**WORK ORDER**
Among the entries below, one stretch runs from the line that contains "by apply/andP/andP =>" through the line that contains "case/andP=> _ /forallP". Repeat that stretch exactly, ends included, and only that.

**EXERCISE INPUT**

Lemma is_scc_eq (C1 C2 : {set V}) x : is_scc a C1 -> is_scc a C2 ->
  x \in C1 -> x \in C2 -> C1 = C2.
Proof.
have scc_eq v : x \in scc a v -> scc a v = scc a x.
  rewrite inE => /andP[vx xv]; apply/setP => y; rewrite !inE.
  by apply/andP/andP => -[] ? ?; split; apply: connect_trans; eassumption.
by move=> /existsP[v1 /eqP->] /existsP[v2 /eqP->] /scc_eq-> /scc_eq->.
Qed.

Lemma sink_set_connect (C : {set V}) x y : sink_set a C -> x \in C ->
  connect a x y -> y \in C.
Proof.
case/andP=> _ /forallP closedC xC /connectP[p ap ->].
elim: p x xC ap => //= z p IHp x xC /andP[axz ap]; apply: IHp ap.
by apply: implyP (forallP (closedC x) z) _; rewrite xC axz.
Qed.

Lemma sink_exists c : exists2 x, sink_set a (scc a x) & connect a c x.
Proof.
pose succs x := #|[set y | connect a x y]|.
have [x cx minx] := arg_minnP succs (connect0 a c).
exists x => //; apply/andP; split; first by apply/existsP; exists x.
apply/forallP => y; apply/forallP => z; apply/implyP => /andP[].
rewrite !inE => /andP[xy yx] ayz; have xz := connect_trans xy (connect1 ayz).
rewrite xz; apply/negPn/negP => zx.
have : succs z < succs x.
  apply: proper_card; apply/properP; split.
    by apply/subsetP => t; rewrite !inE; apply: connect_trans xz.
  by exists x; rewrite !inE.
by rewrite ltnNge minx // (connect_trans cx xz).
Qed.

**RESPONSE FOR THIS EXERCISE**
  by apply/andP/andP => -[] ? ?; split; apply: connect_trans; eassumption.
by move=> /existsP[v1 /eqP->] /existsP[v2 /eqP->] /scc_eq-> /scc_eq->.
Qed.

Lemma sink_set_connect (C : {set V}) x y : sink_set a C -> x \in C ->
  connect a x y -> y \in C.
Proof.
case/andP=> _ /forallP closedC xC /connectP[p ap ->].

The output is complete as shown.